И всю дорогу, в ту и другую сторону, думала она о том, чтобы смилостивился Тот, по чьей воле происходит все на свете, не дал бы свекрови помереть, ибо с каждым часом ей становилось все хуже и хуже… Но не только это терзало ее душу. Думалось о том, как быть теперь, когда секровь больна и, судя по всему, надолго; как быть с ребенком, на кого его оставлять, как быть с мужем — теперь ему не сунуться в дом, а ей самой не сбегать к нему в укрытие в горах. Голова шла кругом. И больше всего молила она Бога, чтобы исцелил он ее свекровь, чтобы она могла, как прежде, передвигаться и что-то делать по дому, и самое главное — смогла бы держаться верхом на оседланном осле, когда они всей семьей в один прекрасный день двинутся в заветный запредельный Чаткал, где смогут жить вольно и безбоязненно.

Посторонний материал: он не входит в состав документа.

Lemma ps_mul_suml (I : Type) (r : seq I) (F : I -> ps R) g m :
  ps_mul (fun t => \sum_(k <- r) F k t) g m = \sum_(k <- r) ps_mul (F k) g m.
Proof. by rewrite /ps_mul exchange_big; apply: eq_bigr => d _; rewrite mulr_suml. Qed.

Lemma ps_mul_sumr (I : Type) (r : seq I) (F : I -> ps R) g m :
  ps_mul g (fun t => \sum_(k <- r) F k t) m = \sum_(k <- r) ps_mul g (F k) m.
Proof. by rewrite /ps_mul exchange_big; apply: eq_bigr => d _; rewrite mulr_sumr. Qed.

Lemma ps_mul_zero f m : ps_mul f (fun _ => 0) m = 0.
Proof. by rewrite /ps_mul big1 // => d _; rewrite mulr0. Qed.

Lemma ps_slice1 j : ps_slice (ps1 R) j = if j == 0%N then ps1 R else fun _ => 0.
Proof.
by apply: functional_extensionality => t; case: j => [|j] //=; rewrite /ps_slice /ps1 /ps_const /= add0n.
Qed.

Lemma sum_triangle (V : nmodType) a (G : nat -> nat -> V) :
  \sum_(0 <= i < a.+1) \sum_(0 <= k < i.+1) G k (i - k)%N =
  \sum_(0 <= k < a.+1) \sum_(0 <= j < (a - k).+1) G k j.
Proof.
have shift k : (k < a.+1)%N -> \sum_(0 <= j < (a - k).+1) G k j =
    \sum_(0 <= i < a.+1) (if (k <= i)%N then G k (i - k)%N else 0).
  move=> ltka; rewrite [RHS](big_cat_nat (n := k)) //= ?(ltnW ltka) //.
  rewrite [X in _ = X + _]big1_seq ?add0r; last first.
    by move=> i /andP[_]; rewrite mem_index_iota => /andP[_ ltik]; rewrite leqNgt ltik.
  rewrite -[X in \sum_(X <= i < a.+1) _](add0n k) big_addn -subSn //.
  by rewrite big_nat_cond [RHS]big_nat_cond; apply: eq_bigr => i _; rewrite leq_addl addnK.
rewrite [RHS](eq_big_nat _ _ (fun k hk => shift k (proj2 (andP hk)))).
rewrite exchange_big_nat /=; apply: eq_big_nat => i /andP[_ ltia].
rewrite [RHS](big_cat_nat (n := i.+1)) //= [X in _ = _ + X]big1_seq ?addr0; last first.
  by move=> k /=; rewrite mem_index_iota => /andP[ltik _]; rewrite leqNgt ltik.
rewrite big_nat_cond [RHS]big_nat_cond.
by apply: eq_bigr => k /andP[/andP[_ ltki] _]; rewrite -ltnS ltki.
Qed.

Lemma ps_mulC_coef f g m : ps_mul f g m = ps_mul g f m.
Proof.
elim: m f g => [|a m IHm] f g; first by rewrite !ps_mul_nil mulrC.
rewrite !ps_mul_cons big_nat_rev /=; apply: eq_big_nat => i /andP[_ ltia].
by rewrite add0n IHm subSS subKn // -ltnS.
Qed.

Lemma ps_mulr1_coef f m : ps_mul f (ps1 R) m = f m.
Proof.
elim: m f => [|a m IHm] f; first by rewrite ps_mul_nil /ps1 /ps_const /= mulr1.
rewrite ps_mul_cons big_nat_recr //= big1_seq ?add0r; last first.
  move=> i /andP[_]; rewrite mem_index_iota => /andP[_ ltia].
  by rewrite ps_slice1 subn_eq0 leqNgt ltia /= ps_mul_zero.
by rewrite subnn ps_slice1 /= IHm.
Qed.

И думала она, ведь столько людей болеют и выздоравливают, неужто не суждено ей встать на ноги? А если свекровь останется лежачей больной, то как тогда они двинутся в Чаткал — не бросать же ее одну на произвол судьбы? А если оставаться возле больной, то как быть Исмаилу? Ведь со дня на день его могут несомненно обнаружить: вот начнутся всякие весенние работы на полях, скот выгонят на пастьбу, так никуда ему не деться, не один, так другой заметит его, и тогда всему конец…

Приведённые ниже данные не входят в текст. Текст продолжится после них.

Lemma atom_card_supp a : atom r a -> #|supp_V a| <= #|supp_E a| + 1.
Proof.
move=> at_a; have /set0Pn[v0 v0S] := atom_supp_neq0 at_a.
by apply: (connected_card_le v0S) => w; apply: atom_supp_connect.
Qed.

Section Connected.
Hypotheses (hnt : 1 < #|V|) (hconn : graph_connected r).

Lemma deg_gt0 v : 0 < deg r v.
Proof.
have [w wv] : exists w, w != v.
  have /card_gt1P[x [y [_ _ xy]]] := hnt.
  by have [xv|] := eqVneq x v; [exists y; rewrite -xv eq_sym | exists x].
case/connectP: (hconn v w) => -[|y p] /=; first by move=> _ wv'; rewrite wv' eqxx in wv.
by case/andP=> /existsP[e /and4P[_ ve _ _]] _ _; apply/card_gt0P; exists e; rewrite inE.
Qed.

Lemma Dval_seqlen a : (forall x, a x <= 1) ->
  Dval V E = (seqlen r a + ((#|supp_E a| + 1)%N%:Z - #|supp_V a|%:Z)
               + (\sum_(v in ~: supp_V a) (deg r v).-1)%N%:Z)%R.
Proof.
move=> a_le1; rewrite seqlen_le1 // /Dval.
have split_deg : \sum_(v : V) deg r v =
    \sum_(v in supp_V a) deg r v + \sum_(v in ~: supp_V a) deg r v.
  rewrite (bigID (mem (supp_V a))) /=; congr (_ + _).
  by apply: eq_bigl => v; rewrite in_setC.
have := @sum_pos_card _ (~: supp_V a) (deg r) (fun v _ => deg_gt0 v).
have := cardsC (supp_V a); have := sum_deg; rewrite split_deg.
lia.
Qed.

Lemma atom_seqlen_le a : atom r a -> (seqlen r a <= Dval V E)%R.
Proof.
move=> at_a; rewrite (Dval_seqlen (fun x => atom_le1 x at_a)).
by have := atom_card_supp at_a; lia.
Qed.

Lemma atom_seqlen_eq a : atom r a ->
  seqlen r a = Dval V E <->
  #|supp_E a| + 1 = #|supp_V a| /\ (forall v, 2 <= deg r v -> v \in supp_V a).
Proof.
move=> at_a; rewrite (Dval_seqlen (fun x => atom_le1 x at_a)).
have sum0E : \sum_(v in ~: supp_V a) (deg r v).-1 = 0 <->
    forall v, 2 <= deg r v -> v \in supp_V a.
  split=> [s0 v dv|deg2].
    apply/negPn/negP => vS; move/eqP: s0; rewrite sum_nat_eq0 => /forallP/(_ v).
    by rewrite in_setC vS /= => /eqP; lia.
  apply/eqP; rewrite sum_nat_eq0; apply/forallP => v; apply/implyP.
  rewrite in_setC => vS; apply/eqP; have := deg2 v; rewrite (negbTE vS); lia.
have := atom_card_supp at_a; rewrite -sum0E; lia.
Qed.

Быстро шагая по кочковатой, смерзшейся земле, тяжкую думу несла в себе Сейде, и тяжкую и мятущуюся в поисках выхода из безвыходного, отчаянного положения.

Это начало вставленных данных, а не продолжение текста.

(* In the quotient of Gauss products the factorials cancel, and so do the powers n^s
   because c + (c-A-B) = (c-A) + (c-B). *)
Lemma gauss_poch_ratio_cv (A B c : C) : ~ nonpos_int c -> ~ nonpos_int (c - A - B) ->
  ~ nonpos_int (c - A) -> ~ nonpos_int (c - B) -> cvC (gauss_poch_ratio A B c) (gamma_ratio A B c).
Proof.
  intros H1 H2 H3 H4.
  destruct (CGamma_spec _ H1) as [G1 L1]. destruct (CGamma_spec _ H2) as [G2 L2].
  destruct (CGamma_spec _ H3) as [G3 L3]. destruct (CGamma_spec _ H4) as [G4 L4].
  pose proof (poch_neq_0 _ (not_nonpos_int_plus_INR _ H1)) as P1.
  pose proof (poch_neq_0 _ (not_nonpos_int_plus_INR _ H2)) as P2.
  pose proof (poch_neq_0 _ (not_nonpos_int_plus_INR _ H3)) as P3.
  pose proof (poch_neq_0 _ (not_nonpos_int_plus_INR _ H4)) as P4.
  apply cvC_of_shift.
  assert (Hl : cvC (fun n => gauss_seq c n * gauss_seq (c - A - B) n
                            * / (gauss_seq (c - A) n * gauss_seq (c - B) n)) (gamma_ratio A B c)).
  { apply cvC_mult; [now apply cvC_mult|].
    apply cvC_inv; [now apply Cmult_neq_0|now apply cvC_mult]. }
  refine (cvC_ext _ _ _ _ Hl). intros n. unfold gauss_poch_ratio, gauss_seq.
  assert (Ec : Rcpow (INR n) c =
            Rcpow (INR n) (c - A) * Rcpow (INR n) (c - B) / Rcpow (INR n) (c - A - B)).
  { rewrite <- Rcpow_plus. replace (c - A + (c - B)) with (c + (c - A - B)) by ring.
    rewrite Rcpow_plus. field. apply Rcpow_neq_0. }
  rewrite Ec.
  pose proof (Rcpow_neq_0 (INR n) (c - A)). pose proof (Rcpow_neq_0 (INR n) (c - B)).
  pose proof (Rcpow_neq_0 (INR n) (c - A - B)). pose proof (INR_fact_neq_0_C n).
  pose proof (P1 (S n)). pose proof (P2 (S n)). pose proof (P3 (S n)). pose proof (P4 (S n)).
  field. repeat split; auto.
Qed.

(* For Re c large, F(A,B;c) - 1 is small: the terms are dominated by the real recursion. *)
Fixpoint gauss_majorant (al be N : R) (k : nat) : R :=
  match k with
  | O => 1%R
  | S k' => (gauss_majorant al be N k' *
              ((al + INR k') * (be + INR k') / ((N + INR k') * (INR k' + 1))))%R
  end.

Lemma Re_plus_le_Cmod (c : C) (r : R) : (Re c + r <= Cmod (c + RtoC r))%R.
Proof. eapply Rle_trans; [|apply re_le_Cmod]. simpl. unfold Re. apply Rle_abs. Qed.

Lemma gauss_majorant_ge_0 (al be N : R) (k : nat) : (0 <= al)%R -> (0 <= be)%R -> (0 < N)%R ->
  (0 <= gauss_majorant al be N k)%R.
Proof.
  intros Ha Hb HN. induction k; simpl; [lra|].
  apply Rmult_le_pos; auto. pose proof (pos_INR k).
  apply Rdiv_le_0_compat; [apply Rmult_le_pos|apply Rmult_lt_0_compat]; lra.
Qed.

Lemma gauss_term_le_majorant (A B c : C) (k : nat) : (0 < Re c)%R ->
  (Cmod (gauss_term A B c k) <= gauss_majorant (Cmod A) (Cmod B) (Re c) k)%R.
Proof.
  intros Hc.
  assert (Hcn : forall n : nat, c + RtoC (INR n) <> 0).
  { intros n E. pose proof (Re_plus_le_Cmod c (INR n)) as H. rewrite E, Cmod_0 in H.
    pose proof (pos_INR n). lra. }
  induction k; [rewrite gauss_term_0, Cmod_1; simpl; lra|].
  rewrite gauss_term_S by (now apply poch_neq_0). simpl gauss_majorant. rewrite Cmod_mult.
  pose proof (pos_INR k).
  apply Rmult_le_compat; [apply Cmod_ge_0|apply Cmod_ge_0|auto|].
  rewrite Cmod_div by (apply Cmult_neq_0; [auto|apply INR_plus_1_neq_0_C]).
  rewrite !Cmod_mult, <- RtoC_plus, (Cmod_R (INR k + 1)), Rabs_pos_eq by lra.
  assert (HA : (Cmod (A + RtoC (INR k)) <= Cmod A + INR k)%R).
  { eapply Rle_trans; [apply Cmod_triangle|]. rewrite Cmod_R, Rabs_pos_eq; lra. }
  assert (HB : (Cmod (B + RtoC (INR k)) <= Cmod B + INR k)%R).
  { eapply Rle_trans; [apply Cmod_triangle|]. rewrite Cmod_R, Rabs_pos_eq; lra. }
  pose proof (Re_plus_le_Cmod c (INR k)) as HC.
  unfold Rdiv. apply Rmult_le_compat.
  - apply Rmult_le_pos; apply Cmod_ge_0.
  - left. apply Rinv_0_lt_compat. apply Rmult_lt_0_compat; lra.
  - apply Rmult_le_compat; auto; apply Cmod_ge_0.
  - apply Rinv_le_contravar; [apply Rmult_lt_0_compat; lra|]. apply Rmult_le_compat_r; lra.
Qed.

И все надежды ее были теперь на исцелителя Эмчи-Мусу. Старец был знаменит в округе, лечил травами и молоком. И теперь Сейде молила бога, чтобы он осенил Эмчи-Мусу таким исцелительным таинством, когда бы за несколько дней старая Бексаат распрощалась с хворью и снова приглядывала за домом, и снова ждали бы они ночами Исмаила и вели разговоры о сборах, считали бы дни, когда им суждено будет с поклажей на двух ослах двинуться всем в Чаткал…
Как и обещал старец Эмчи-Муса, он прибыл к вечеру. А перед этим Сейде вышла из дома и стояла на пригорочке, поджидая лекаря, чтобы старец безошибочно нашел их двор.
Она завидела его фигуру в лисьем малахе еще издали, едущего на сером ослике, и опять помо-лилась Богу, чтобы все образовалось лучшим образом для больной, которая, узнав, что приедет сам Эмчи-Муса, немного взбодрилась, хотя боли в боку не отпускали ее весь день с утра и до вечера.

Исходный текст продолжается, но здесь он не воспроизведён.